Assistants sue their judicial bosses over Lake Juvenile Court succession

2013-03-20T14:39:00Z 2013-04-01T14:33:06Z Assistants sue their judicial bosses over Lake Juvenile Court successionBill Dolan, (219) 662-5328
March 20, 2013 2:39 pm  • 

CROWN POINT | Three Lake Juvenile Court magistrates are suing to stop Lake Superior Judge Nicholas Schiralli from becoming the next Lake County juvenile judge this month.

Magistrates Glenn Commons, Jeffery Miller and Charlotte Peller, who have been serving as judicial assistants for two decades, are asking the Indiana Supreme Court to give them the chance to apply for the job outgoing Lake Juvenile Judge Mary Beth Bonaventura leaves to become head of the Indiana Department of Child Services in Indianapolis.

Bonaventura said Sunday will be her last day as judge.

Kathryn Dolan, spokeswoman for the high court, said the Supreme Court clerk's office received a copy of an "original action" filed late Wednesday by "Glenn Commons et al," but the paperwork still was being processed and a public copy wasn't available.

The three magistrates, Bonaventura and Chief Superior Court Judge John Pera declined comment on the litigation. Schiralli didn't return calls seeking comment.

The Times obtained a copy of a Verified Emergency Petition for Writ of Mandamus and Prohibition naming all 16 Lake Superior Court judges and the Lake Circuit Court judge as defendants.

It asks the high court to block all sitting Lake judges from filling the juvenile court vacancy until the high court rules whether state law is being circumvented and the judgeship is being wrongfully usurped.

Lake is one of the few counties in the state where judges are picked through merit selection. A nine-member panel of lawyers and lay people interview applicants, narrow them to three finalists and forward their names to Gov. Mike Pence.

The governor then appoints the new judge, who would serve for about two years before voters chose whether to retain or replace the judicial appointee.

However, when Bonaventura announced her departure last month, the 15 other Superior Court judges met and decided they should be first in line to take over the juvenile court.
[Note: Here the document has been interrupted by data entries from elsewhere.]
(* Let $P,Q$ be nonzero coprime integers with $\Delta:=P^2-4Q\neq0$, such that $\alpha/\beta$ is not a root of unity, where $\alpha,\beta$ are the roots of $x^2-Px+Q$. Let $(U_n)$ be the Lucas sequence $U_n=(\alpha^n-\beta^n)/(\alpha-\beta)$. Then for all positive integers $n,k$ with $n\ge k$, \[\mathrm{lcm}\left\{\binom{n}{m}_{\boldsymbol U}:\ 1\le m\le k\right\}=\frac{\mathrm{lcm}(U_{n+1},U_n,\dots,U_{n-k+1})}{|U_{n+1}|}.\]
   Context: $U_0=0$, $U_1=1$, $U_{n+2}=PU_{n+1}-QU_n$. For $n\ge k\ge1$, $\binom{n}{k}_{\boldsymbol U}:=\frac{U_nU_{n-1}\cdots U_{n-k+1}}{U_1U_2\cdots U_k}$. *)

From HB Require Import structures.
From mathcomp Require Import all_boot all_order all_algebra all_field.
Set Implicit Arguments. Unset Strict Implicit. Unset Printing Implicit Defensive.
Import Order.TTheory GRing.Theory Num.Theory.
Local Open Scope ring_scope.

Fixpoint lucas_aux (P Q : int) (n : nat) : int * int :=
  match n with
  | O => (0, 1)
  | S m => let: (a, b) := lucas_aux P Q m in (b, P * b - Q * a)
  end.
Definition lucasU (P Q : int) (n : nat) : int := (lucas_aux P Q n).1.

(* It is a classical fact that this quotient is an integer; we define it by
   integer division (exact in the situation of the theorem). *)
Definition lucasnomial (P Q : int) (n k : nat) : int :=
  divz (\prod_(0 <= i < k) lucasU P Q (n - i)%N)
       (\prod_(1 <= i < k.+1) lucasU P Q i).

Definition lcmz_seq (s : seq int) : int := foldr lcmz 1 s.

(* Fix a prime p and put e(j) = v_p(|U_j|). Strong divisibility,
   gcd(U_a, U_b) = +-U_(gcd(a, b)), gives e(gcd(a, b)) = min(e(a), e(b)), so for
   every level t the indices j with e(j) >= t are exactly the multiples of a rank
   r_t. Counting multiples of r_t in the windows (n - m, n] and (0, m], as in
   Kummer's theorem, shows that v_p of the Lucasnomial [n, m] is the number of
   levels t at which adding m and n - m modulo r_t produces a carry; in
   particular the Lucasnomials are integers. The maximum of these carry counts
   over 1 <= m <= k equals max_(i <= k) e(n + 1 - i) - e(n + 1), which is the
   lcm identity at the prime p. *)

From HB Require Import structures.
From mathcomp Require Import all_boot all_order all_algebra all_field.
From mathcomp Require Import ring zify.
Import Order.TTheory GRing.Theory Num.Theory.

Set Implicit Arguments.
Unset Strict Implicit.
Unset Printing Implicit Defensive.

Lemma leq_modnD_dvdS r x y : 0 < r -> r %| x.+1 -> ~~ (r %| x.+1 + y) ->
  r <= x %% r + y %% r.
Proof.
move=> r_gt0 /dvdnP [q def_x] r_ndvd.
have x_mod : x %% r = r.-1.
  have q_gt0 : 0 < q by case: q def_x.
  have -> : x = q.-1 * r + r.-1 by move: def_x; case: q q_gt0 => // q _; rewrite mulSn; lia.
  by rewrite modnMDl modn_small // prednK.
have : y %% r != 0.
  apply: contra r_ndvd => /eqP y_mod; rewrite def_x dvdn_addr ?dvdn_mull //.
  by rewrite /dvdn y_mod.
lia.
Qed.

Lemma ltn_modnD_dvdS r x y : 0 < r -> r %| (x + y).+1 -> x %% r + y %% r < r.
Proof.
move=> r_gt0 r_dvd.
have : r %| (x %% r + y %% r).+1.
  move: r_dvd; rewrite {1}(divn_eq x r) {1}(divn_eq y r).
  have -> : (x %/ r * r + x %% r + (y %/ r * r + y %% r)).+1
            = (x %/ r + y %/ r) * r + (x %% r + y %% r).+1 by lia.
  by rewrite dvdn_addr // dvdn_mull.
have := ltn_pmod x r_gt0; have := ltn_pmod y r_gt0.
by move=> ? ? /dvdnP [[|[|q]] def_s]; rewrite ?mulSn ?mul0n in def_s; lia.
Qed.

Lemma ltn_divnD_mul r x y : 0 < r -> r <= x %% r + y %% r -> x < (x + y) %/ r * r.
Proof.
move=> r_gt0 carry; rewrite divnD // carry.
apply: leq_trans (ltn_ceil x r_gt0) _.
by rewrite leq_mul2r addn1 ltnS leq_addr orbT.
Qed.

Lemma sum_dvdn_nat r x y : 0 < r ->
  \sum_(x.+1 <= j < (x + y).+1) (r %| j : nat) = (x + y) %/ r - x %/ r.
Proof.
move=> r_gt0; elim: y => [|y IHy]; first by rewrite addn0 big_geq ?subnn.
rewrite addnS big_nat_recr /= ?ltnS ?leq_addr // IHy (divnS _ r_gt0).
have : x %/ r <= (x + y) %/ r by apply: leq_div2r; apply: leq_addr.
lia.
Qed.

Lemma sum_ord_itv_indicator a b B : b <= B ->
  \sum_(t < B) ((a <= t) && (t < b) : nat) = b - a.
Proof.
suff -> : \sum_(t < B) ((a <= t) && (t < b) : nat) = minn B b - a by lia.
elim: B => [|B IHB]; first by rewrite big_ord0 min0n.
rewrite big_ord_recr /= IHB.
by case: (leqP a B) => ?; case: (ltnP B b) => ? /=; lia.
Qed.

Lemma sum_nat_rev (f : nat -> nat) n m : m <= n ->
  \sum_(0 <= i < m) f (n - i) = \sum_((n - m).+1 <= j < n.+1) f j.
Proof.
elim: m => [|m IHm] lt_mn; first by rewrite subn0 !big_geq.
rewrite big_nat_recr //= IHm 1?ltnW // [in RHS](@big_ltn _ _ _ (n - m.+1).+1); last lia.
have -> : (n - m.+1).+1 = n - m by lia.
by rewrite addnC.
Qed.

Section GcdMinValuation.

Variables (e : nat -> nat) (n : nat).
Local Notation N := n.+1.
Hypothesis e_gcd : forall a b, 0 < a <= N -> 0 < b <= N ->
  e (gcdn a b) = minn (e a) (e b).

(* The least j in [1, N] with t <= e j, or N.+1 when there is none. *)
Definition rank t := (find (fun j => t <= e j) (iota 1 N)).+1.

Lemma rank_gt0 t : 0 < rank t. Proof. by []. Qed.

Lemma leq_e_rank t : rank t <= N -> t <= e (rank t).
Proof.
move=> rank_le; have found : has (fun j => t <= e j) (iota 1 N).
  by rewrite has_find size_iota.
by have := nth_find 0 found; rewrite nth_iota.
Qed.

Lemma rank_min t j : 0 < j <= N -> t <= e j -> rank t <= j.
Proof.
case/andP=> j_gt0 j_leN le_t_ej; rewrite leqNgt; apply/negP => lt_j_rank.
have := @before_find _ 0 (fun j => t <= e j) (iota 1 N) j.-1.
by rewrite nth_iota ?add1n ?prednK ?le_t_ej //; move/(_ lt_j_rank).
Qed.

Lemma rank_dvdn t j : 0 < j <= N -> (t <= e j) = (rank t %| j).
Proof.
move=> j_itv; have /andP [j_gt0 j_leN] := j_itv.
apply/idP/idP => [le_t_ej | rank_dvd].
  have le_rank_j := rank_min j_itv le_t_ej.
  have rank_itv : 0 < rank t <= N by rewrite rank_gt0 (leq_trans le_rank_j).
  have le_g_rank : gcdn (rank t) j <= rank t by rewrite dvdn_leq ?dvdn_gcdl.
  have : rank t <= gcdn (rank t) j.
    apply: rank_min; first by rewrite gcdn_gt0 rank_gt0 /= (leq_trans le_g_rank) ?leq_trans.
    by rewrite e_gcd // leq_min le_t_ej leq_e_rank // (leq_trans le_rank_j).
  by move=> le_rank_g; apply/gcdn_idPl/eqP; rewrite eqn_leq le_g_rank.
have rank_le : rank t <= N by rewrite (leq_trans (dvdn_leq j_gt0 rank_dvd)).
have rank_itv : 0 < rank t <= N by rewrite rank_gt0.
by rewrite (leq_trans (leq_e_rank rank_le)) // -{1}(gcdn_idPl rank_dvd) e_gcd // geq_minr.
Qed.

Definition emax := \max_(j < N.+1) e j.

Lemma leq_emax j : j <= N -> e j <= emax.
Proof.
by move=> j_le; apply: (@leq_bigmax _ (fun j : 'I_N.+1 => e j) (Ordinal (j_le : j < N.+1))).
Qed.

Lemma e_sum_rank j : 0 < j <= N -> e j = \sum_(t < emax) (rank t.+1 %| j : nat).
Proof.
move=> /andP [j_gt0 j_leN]; rewrite -[e j]subn0 -(sum_ord_itv_indicator 0 (leq_emax j_leN)).
by apply: eq_bigr => t _; rewrite -rank_dvdn ?j_gt0.
Qed.

Definition carry m t := rank t.+1 <= (n - m) %% rank t.+1 + m %% rank t.+1.
Definition carries m := \sum_(t < emax) (carry m t : nat).

Lemma kummer_carries m : m <= n ->
  \sum_((n - m).+1 <= j < N) e j = \sum_(1 <= j < m.+1) e j + carries m.
Proof.
move=> le_mn; set F := fun j => \sum_(t < emax) (rank t.+1 %| j : nat).
rewrite (eq_big_nat _ _ (F2 := F)) => [|j j_itv]; last by apply: e_sum_rank; lia.
rewrite [\sum_(1 <= j < _) _](eq_big_nat _ _ (F2 := F)) => [|j j_itv]; last first.
  by apply: e_sum_rank; lia.
rewrite exchange_big [X in X + _]exchange_big /carries -big_split /=.
apply: eq_bigr => t _; have r_gt0 := rank_gt0 t.+1.
have := sum_dvdn_nat (n - m) m r_gt0; rewrite subnK // => ->.
have := sum_dvdn_nat 0 m r_gt0; rewrite add0n => ->.
have := divnD (n - m) m r_gt0; rewrite subnK // /carry => ->.
by rewrite div0n subn0 -addnA addKn.
Qed.

Lemma e_sub_le_carries i : 0 < i <= n -> e (N - i) <= carries i + e N.
Proof.
move=> i_itv.
suff : e (N - i) - e N <= carries i by lia.
rewrite -(sum_ord_itv_indicator (e N) (leq_emax (leq_subr i N))).
apply: leq_sum => t _; case: andP => //= -[le_eN_t lt_t_e].
have dvd_low : rank t.+1 %| (n - i).+1 by rewrite -rank_dvdn -?subSn //; lia.
have ndvd_top : ~~ (rank t.+1 %| (n - i).+1 + i).
  have -> : (n - i).+1 + i = N by lia.
  by rewrite -rank_dvdn -?ltnNge //; lia.
by rewrite lt0b; apply: leq_modnD_dvdS.
Qed.

Lemma carries_le_max m : 0 < m <= n ->
  carries m + e N <= maxn (\max_((n - m).+1 <= j < N) e j) (e N).
Proof.
move=> m_itv; have le_mn : m <= n by case/andP: m_itv.
set M := \max_(_ <= j < _) e j.
have le_M_emax : M <= emax.
  by apply/bigmax_leqP_seq => j; rewrite mem_index_iota => j_itv _; apply: leq_emax; lia.
suff : carries m <= M - e N by lia.
rewrite -(sum_ord_itv_indicator (e N) le_M_emax); apply: leq_sum => t _.
case carry_t : (carry m t) => //=; rewrite lt0b; apply/andP; split.
  rewrite leqNgt; apply/negP => lt_t_eN.
  have dvd_top : rank t.+1 %| (n - m + m).+1 by rewrite subnK // -rank_dvdn //; lia.
  by move: carry_t; rewrite /carry leqNgt ltn_modnD_dvdS.
have := ltn_divnD_mul (rank_gt0 t.+1) carry_t; rewrite subnK //.
set j := n %/ rank t.+1 * rank t.+1 => lt_nm_j.
have le_jn : j <= n by apply: leq_divM.
have : t.+1 <= e j by rewrite rank_dvdn ?dvdn_mull //; lia.
by move/leq_trans; apply; apply: leq_bigmax_seq => //; rewrite mem_index_iota; lia.
Qed.

Lemma max_carries k : 0 < k <= n ->
  \max_(m <- iota 1 k) carries m + e N = \max_(i <- iota 0 k.+1) e (N - i).
Proof.
move=> k_itv; set ME := \max_(i <- iota 0 k.+1) e (N - i).
have le_e_ME i : i <= k -> e (N - i) <= ME.
  by move=> le_ik; apply: (leq_bigmax_seq (F := fun i => e (N - i))); rewrite ?mem_iota; lia.
apply/eqP; rewrite eqn_leq; apply/andP; split.
  suff : \max_(m <- iota 1 k) carries m <= ME - e N.
    by have := le_e_ME 0 (leq0n k); rewrite subn0; lia.
  apply/bigmax_leqP_seq => m; rewrite mem_iota => m_itv _.
  have le_window_ME : \max_((n - m).+1 <= j < N) e j <= ME.
    apply/bigmax_leqP_seq => j; rewrite mem_index_iota => j_itv _.
    have -> : j = N - (N - j) by lia.
    by apply: le_e_ME; lia.
  have m_itv' : 0 < m <= n by lia.
  by have := carries_le_max m_itv'; have := le_e_ME 0 (leq0n k); rewrite subn0; lia.
apply/bigmax_leqP_seq => -[_ _ | i]; first by rewrite subn0 leq_addl.
rewrite mem_iota => i_itv _.
have i_itv' : 0 < i.+1 <= n by lia.
apply: leq_trans (e_sub_le_carries i_itv') _.
by rewrite leq_add2r; apply: (leq_bigmax_seq (F := carries)); rewrite ?mem_iota; lia.
Qed.

End GcdMinValuation.

Lemma logn_prod (I : eqType) p (r : seq I) (F : I -> nat) :
  (forall i, i \in r -> 0 < F i) ->
  logn p (\prod_(i <- r) F i) = \sum_(i <- r) logn p (F i).
Proof.
move=> F_gt0; rewrite big_seq [RHS]big_seq.
suff [] : 0 < \prod_(i <- r | i \in r) F i /\
          logn p (\prod_(i <- r | i \in r) F i) = \sum_(i <- r | i \in r) logn p (F i) by [].
elim/big_rec2: _ => [|i a b /F_gt0 Fi_gt0 [a_gt0 <-]]; first by rewrite logn1.
by rewrite muln_gt0 Fi_gt0 a_gt0 lognM.
Qed.

Lemma logn_biglcm (I : eqType) p (r : seq I) (F : I -> nat) :
  (forall i, i \in r -> 0 < F i) ->
  logn p (\big[lcmn/1]_(i <- r) F i) = \max_(i <- r) logn p (F i).
Proof.
move=> F_gt0; rewrite big_seq [RHS]big_seq.
suff [] : 0 < \big[lcmn/1]_(i <- r | i \in r) F i /\
          logn p (\big[lcmn/1]_(i <- r | i \in r) F i) = \max_(i <- r | i \in r) logn p (F i) by [].
elim/big_rec2: _ => [|i a b /F_gt0 Fi_gt0 [a_gt0 <-]]; first by rewrite logn1.
by rewrite lcmn_gt0 Fi_gt0 a_gt0 logn_lcm.
Qed.

Lemma biglcmn_gt0 (I : eqType) (r : seq I) (F : I -> nat) :
  (forall i, i \in r -> 0 < F i) -> 0 < \big[lcmn/1]_(i <- r) F i.
Proof.
move=> F_gt0; rewrite big_seq.
by elim/big_rec: _ => // i a /F_gt0 Fi_gt0 a_gt0; rewrite lcmn_gt0 Fi_gt0.
Qed.

Lemma dvdn_from_log d m : 0 < d -> 0 < m -> (forall p, logn p d <= logn p m) -> d %| m.
Proof.
move=> d_gt0 m_gt0 le_log; apply/gcdn_idPl/eqn_from_log; rewrite ?gcdn_gt0 ?d_gt0 //.
by move=> p; rewrite logn_gcd //; apply/minn_idPl.
Qed.

Lemma lcmz_seqE (s : seq int) : lcmz_seq s = (\big[lcmn/1]_(x <- s) `|x|)%N.
Proof. by elim: s => [|x s IHs]; rewrite ?big_nil ?big_cons //= /lcmz IHs. Qed.

Local Open Scope ring_scope.

Section LucasSequence.

Variables P Q : int.
Local Notation U := (lucasU P Q).

Lemma lucas_auxE n : lucas_aux P Q n = (U n, U n.+1).
Proof. by elim: n => [//|n IHn]; rewrite /= IHn /lucasU /= IHn. Qed.

Lemma lucasU0 : U 0 = 0. Proof. by []. Qed.
Lemma lucasU1 : U 1 = 1. Proof. by []. Qed.

Lemma lucasUSS n : U n.+2 = P * U n.+1 - Q * U n.
Proof. by rewrite {1}/lucasU /= lucas_auxE. Qed.

Lemma lucasUD m n : U (m + n).+1 = U m.+1 * U n.+1 - Q * U m * U n.
Proof.
suff [] : U (m + n).+1 = U m.+1 * U n.+1 - Q * U m * U n /\
          U (m + n.+1).+1 = U m.+1 * U n.+2 - Q * U m * U n.+1 by [].
elim: n => [|n [IH0 IH1]].
  by rewrite addn0 addn1 lucasUSS (lucasUSS 0) lucasU0 lucasU1; split; ring.
split; first exact: IH1.
by rewrite addnS lucasUSS IH1 addnS IH0 [U n.+3]lucasUSS [U n.+2]lucasUSS; ring.
Qed.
Bonaventura objected in a recent letter to the Indiana Supreme Court, stating merit selection is the only way to name her replacement.

Magistrates Commons, Miller and Peller are adopting her argument that the other sitting judges have exceeded their authority and harmed the magistrates' opportunity for career advancement and opened the juvenile court to other legal challenges.

The petition calls on the high court to name an interim juvenile judge to sit in Schiralli's place until the matter is resolved.

It is unclear who will act as counsel for the judges or pay the legal fees.

The juvenile court presides 30,000 cases of juvenile delinquency, investigations of child abuse and neglect and litigation involving child paternity and financial support. It has a $6 million budget and a staff of 169 that includes the juvenile detention center.